Thank you very much, sir. Thank you very much, ladies and gentlemen
.

“So it’s agreed. We’re strangers, locked each into his own symptoms, you into Lassa fever and me into my sensory problems. And somehow, as strangers will, somehow we got to talking, and gradually understood each other. I wiped your blood up. You saw my asshole with its spoor of shit. Well, strangers get close in such situations. Now I have my dirty bill of health and I’m told to move on and Dr. Gibberd tells me you’re for Guernsey when your orders come through. And here’s where I’m supposed to go behind them screens and shake hands. Well, I won’t! I won’t do it. That ain’t going to happen. Because you’re dead! Slumped in that queer way death has of disarraying things. So that’s it. The destiny man thinks you’ve been put here on earth to satisfy one more cliché, to be discovered stone cold dead in a Rapid City General wheelchair. For what? So one day I’ll be able to say in my impaired speech—‘There wash thish time in Shouf Dakota, and I wash on the shame woward wi-with thish young chap from the R.A.F. (He called it “Raf.”)—And we got pretty close. The two of us. There was a terrible heat wave and neither of us could sleep. We were kept up half the night by the screams of mental patients who couldn’t be quieted because the power was out, and even though the hospital had its own auxiliary generator, there wasn’t enough power for electric-shock treatments, so we told each other the story of our life, as fellows will in hospital, and got pretty close to each other, and finally I was discharged and I went over to young Tanner’s screen to say goodbye and found him dead.’

“Well, fuck
that
, Lieutenant! I like you too much to use you around fireplaces. We’ll just skip it because I ain’t going behind no screen to make certain, because if you
are
dead, by Christ, I don’t think I could take it. I would grab a scissors and cut the lines of my drama. On the other hand, please don’t disabuse me of my sense of the fitness of things. Keep still just. So long, dead guy.”

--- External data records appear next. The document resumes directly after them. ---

Theorem proposition3 :
  exists C : nat,
  forall (R : realType) (T : finType) (adj : rel T) (gamma : nat) (eps : R),
    simple_graph adj -> connected_graph adj -> doubling adj R gamma ->
    0 < eps ->
    let bound := C%:R * budget gamma eps in
    (* Algorithm 1, any ranking, any tie-breaking *)
    (forall (disp : Order.disp_t) (X : orderType disp) (r : T -> X),
       injective r ->
       forall s : seq T, run1 adj r [::] [::] s ->
         halts1 adj r [::] [::] s \/ bound < (2 * size s)%:R ->
         exists2 u : T, u \in s &
           ((2 * index u s)%:R <= bound /\
            (ecc adj u)%:R <= (1 + eps) * (rad adj)%:R)) /\
    (* Algorithm 3, any tie-breaking and any choice of x *)
    (forall s : seq (T * T), run3 adj [::] [::] s ->
       halts3 adj [::] [::] s \/ bound < (2 * size s)%:R ->
       exists2 p : T * T, p \in s &
         ((2 * index p s)%:R <= bound /\
          (1 - eps) * (diam adj)%:R <= (ecc adj p.1)%:R)).
Proof.
exists 6%N => R T adj gamma eps [adjC _] adj_connected doubling_gamma eps_gt0 bound.
have bound_ge0 : 0 <= bound by rewrite mulr_ge0 // exprz_ge0.
have [eps_ge1 | eps_lt1] := lerP 1 eps.
  split=> [disp X r _ |] s _ halted_or_long; apply: select_head halted_or_long => //.
  - by case: s.
  - move=> u _; have := ecc_le_2rad adjC adj_connected u.
    rewrite -(ler_nat R) natrM; have : 0 <= (rad adj)%:R :> R := ler0n _ _.
    nra.
  - by case: s.
  - by move=> q _; rewrite (le_trans _ (ler0n _ _)) // mulr_le0_ge0 // subr_le0.
have [k [budget_k k_large]] := budget_exponent gamma eps_gt0 eps_lt1.
have bound_large : (0 < gamma)%N -> (2 * (gamma ^ k).+1)%:R <= bound.
  move=> gamma_gt0; rewrite /bound budget_k -natrX -natrM ler_nat expnS.
  have : (0 < gamma ^ k)%N by rewrite expn_gt0 gamma_gt0.
  nia.
split=> [disp X r _ |] s.
  apply: (run1_selects_good adjC adj_connected doubling_gamma eps_gt0 k_large bound_ge0 bound_large).
apply: (run3_selects_good adjC adj_connected doubling_gamma eps_gt0 k_large bound_ge0 bound_large).
Qed.
(* Let $F$ be a discrete time regulatory network on $[0,1]^d$ satisfying coordinatewise injectivity, let $(V,\mathcal A)$ be its underlying network, let $U\subset V$ be head-independent, and let $W:=V\setminus U$. Then $W$ is essential.
   Context: $V=\{1,\dots,d\}$; $K\in[0,1]^{d\times d}$ with $\sum_iK_{i,j}=1$ for each $j$; $s\in\{-1,0,1\}^{d\times d}$, $T\in[0,1]^{d\times d}$ with $s_{i,j}=0$ iff $K_{i,j}=0$ and $T_{i,j}=0$ iff $K_{i,j}=0$; $a\in[0,1]$; $H(x)=0$ for $x\le0$, $1$ otherwise; $F(x)_j=ax_j+(1-a)\sum_iK_{i,j}H(s_{i,j}(x_i-T_{i,j}))$. Underlying network: $\mathcal A=\{(i,j):K_{i,j}>0\}$. Coordinatewise injectivity: for each $j$, with $\mathcal F_j=\{x\mapsto ax+(1-a)\sum_i\epsilon_iK_{i,j}:\epsilon\in\{0,1\}^d\}$, distinct $f,f'\in\mathcal F_j$ have $f([0,1])\cap f'([0,1])=\emptyset$. Base partition: $\mathcal P_i$ is the set of nonempty level sets of $u\mapsto(H(s_{i,k}(u-T_{i,k})))_{k=1}^d$ on $[0,1]$, $\mathcal P=\{\prod_iI_i:I_i\in\mathcal P_i\}$; $\mathcal P^1=\mathcal P$, $\mathcal P^{t+1}=\{F^{-1}(\mathbf I)\cap\mathbf J\ne\emptyset:\mathbf I\in\mathcal P^t,\mathbf J\in\mathcal P\}$. $\mathcal Q^t=\{F^{t-1}(\mathbf I):\mathbf I\in\mathcal P^t\}$, $\mathcal Q_i^t=\{\Pi_i\mathbf J:\mathbf J\in\mathcal Q^t\}$. For $W'\subset V$, a $(W',t)$-specification is $\mathbf S=(S_i)_{i\in W'}$ with $S_i\in\mathcal Q_i^t$; $C(\mathbf S)=\{\mathbf J\in\mathcal Q^t:\Pi_i\mathbf J=S_i\ \forall i\in W'\}$ and $N(\mathbf S)=\#C(\mathbf S)$. $W$ is essential if there is $M\in\mathbb N$ with $N(\mathbf S)\le M$ for all $t\ge1$ and all $(W,t)$-specifications $\mathbf S$. $U$ is head-independent if (1) no arrow with tail in $U$ has head in $U$, and (2) distinct $i,i'\in U$ have $\{j:(i,j)\in\mathcal A\}\cap\{j:(i',j)\in\mathcal A\}=\emptyset$. *)

From HB Require Import structures.
From mathcomp Require Import all_boot all_order all_algebra.
From mathcomp Require Import boolp classical_sets cardinality reals.
Set Implicit Arguments. Unset Strict Implicit. Unset Printing Implicit Defensive.
Import Order.TTheory GRing.Theory Num.Theory.
Local Open Scope classical_set_scope.
Local Open Scope ring_scope.
Lemma ftilde_gprev g G : ftilde f (gprev g) G = gprev (ftilde f g) G.
Proof. apply map_rev. Qed.

Lemma ftilde_injective_of_GP2 (hHX : hausdorff UX) :
  GP2 UX UY f -> forall x0 a b, inGP UX x0 a -> inGP UX x0 b ->
  gpeq UY (ftilde f a) (ftilde f b) -> gpeq UX a b.
Proof.
  intros g2 x0 a b [ya Ha] [yb Hb] Hfab.
  apply (gpeq_of_gpent hUX hHX x0 ya yb); [exact Ha|exact Hb|].
  intros E HE. destruct (g2 E HE) as [F [HF HFE]].
  apply (HFE x0); [now exists ya|now exists yb|].
  apply (gpent_of_gpeq hUY (f x0) (f ya)); [now apply ftilde_gpath|exact Hfab|].
  apply hf, HF.
Qed.

Lemma unif_equiv_of_GP1_GP2 (hHX : hausdorff UX) x0 :
  GP1 UX UY f -> GP2 UX UY f -> unif_equiv UX UY f x0.
Proof.
  intros g1 g2. split; [|split; [|split; [|split]]].
  - intros a b _ _. apply ftilde_gpeq; assumption.
  - exact (ftilde_injective_of_GP2 hHX g2 x0).
  - apply g1.
  - intros G HG. exists (preim f G). split; [now apply preim_entourage|].
    intros a b _ _. apply gpent_ftilde.
  - intros F HF. destruct (g2 F HF) as [F' [HF' HF'F]]. exists (img f F').
    split; [apply hf, HF'|]. intros a b. apply HF'F.
Qed.

(* Transport along a generalized path [g] from [x1] to [x0] in the joinable space [X]:
   [b] in [GP(Y, f x0)] becomes [f~ g * b] in [GP(Y, f x1)], which has a preimage [a],
   and then [g^-1 * a] is a preimage of [b]. *)
Lemma GP1_of_unif_equiv x1 :
  joinable UX -> unif_equiv UX UY f x1 -> GP1 UX UY f.
Proof.
  intros J [_ [_ [onto _]]] x0 b [yb Hb]. destruct (J x1 x0) as [g Hg].
  pose proof (ftilde_gpath _ _ _ Hg) as Hfg.
  pose proof (gpath_gpcat _ _ _ _ _ Hfg Hb) as Hfgb.
  destruct (onto _ (ex_intro _ yb Hfgb)) as [a [[ya Ha] Hfa]].
  exists (gpcat (gprev g) a). split.
  { exists ya. exact (gpath_gpcat _ _ _ _ _ (gpath_gprev _ _ _ Hg) Ha). }
  intros G HG. rewrite ftilde_gpcat. unfold gpcat. rewrite ftilde_gprev. unfold gprev.
  pose proof (proj1 Hfg G HG) as Pg.
  assert (Hne : ftilde f g G <> []).
  { intros Hn; rewrite Hn in Pg. exact (is_path_nil _ _ _ Pg). }
  eapply htpy_trans.
  - eapply htpy_pcat_r;
      [eapply is_path_rev, Pg|apply (ftilde_gpath _ _ _ Ha)|apply Hfgb|apply Hfa]; exact HG.
  - unfold gpcat. rewrite <- pcat_assoc by exact Hne.
    exact (htpy_rev_pcat_cancel G _ _ _ _ _ Pg (proj1 Hb _ HG)).
Qed.
(* The plactic monoid $\mathcal P_3$ of rank $3$ satisfies every semigroup identity satisfied by the monoid $\mathrm{TMat}_3(\mathbb T)$ of $3\times3$ upper triangular tropical matrices. In particular, with $\widetilde w=yx^2y^2x$, $\mathcal P_3$ satisfies $\widetilde w\,x\,\widetilde w=\widetilde w\,y\,\widetilde w$ upon substituting $x=uv$ and $y=vu$ for arbitrary $u,v\in\mathcal P_3$.
   Context: $\mathcal P_3=\mathcal A_3^*/{\equiv_{\mathrm{knu}}}$ with $\mathcal A_3=\{a_1<a_2<a_3\}$ and $\equiv_{\mathrm{knu}}$ the congruence generated by $xzy=zxy$ ($x\le y<z$), $yxz=yzx$ ($x<y\le z$). $\mathrm{TMat}_3(\mathbb T)$: upper triangular $3\times 3$ matrices over $\mathbb T=\mathbb R\cup\{-\infty\}$ with max-plus product $(X\odot Y)_{i,j}=\max_t(x_{i,t}+y_{t,j})$. A semigroup identity is a formal equality $u=v$ of two distinct nonempty words in variables; $S$ satisfies it if $\varphi(u)=\varphi(v)$ for every homomorphism $\varphi$ from the free semigroup on the variables into $S$. (It is known from prior work that $\mathrm{TMat}_3(\mathbb T)$ satisfies $\widetilde w\,(AB)\,\widetilde w=\widetilde w\,(BA)\,\widetilde w$ with $\widetilde w=(BA)(AB)^2(BA)^2(AB)$ for all $A,B$.) *)

From Stdlib Require Import Reals List Arith.
Import ListNotations.
Open Scope R_scope.

Inductive A3 : Type := a1 | a2 | a3.

Definition rk (a : A3) : nat := match a with a1 => 1 | a2 => 2 | a3 => 3 end%nat.
Definition ltA (a b : A3) : Prop := (rk a < rk b)%nat.
Definition leA (a b : A3) : Prop := (rk a <= rk b)%nat.

Inductive knu : list A3 -> list A3 -> Prop :=
| knu_refl w : knu w w
| knu_sym w w' : knu w w' -> knu w' w
| knu_trans w1 w2 w3 : knu w1 w2 -> knu w2 w3 -> knu w1 w3
| knu_K1 (p q : list A3) (x y z : A3) :
    leA x y -> ltA y z -> knu (p ++ [x; z; y] ++ q) (p ++ [z; x; y] ++ q)
| knu_K2 (p q : list A3) (x y z : A3) :
    ltA x y -> leA y z -> knu (p ++ [y; x; z] ++ q) (p ++ [y; z; x] ++ q).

He turned and started to the exit, but just as he got there he heard a loud, ripping, and unruly fart. Well, how do you like that? he thought. What was it, the critique of pure reason? Or only the guy’s sphincter relaxing in death? Flesh shoved hard against the handle on the fire doors.

He was like a refugee now. A survivor, the last alive perhaps, the heat a plague and waiting for him in his late-model Cadillac baking in the hospital’s open parking lot. He unlocked its doors and opened them wide but did not step in. Whatever was plastic in the car, on the dash, the steering wheel, the push-button knobs on the radio, along the sides of the doors, the wide ledge beneath the rear window, had begun to bubble, boil, the glue melting and the car’s great load of padding rising yeast-like, separating, creating seams he’d been unaware of before, like the perforations on Saltines.

What has happened to my car?

It was as if an earthquake had jostled its landscape. Things were not aligned.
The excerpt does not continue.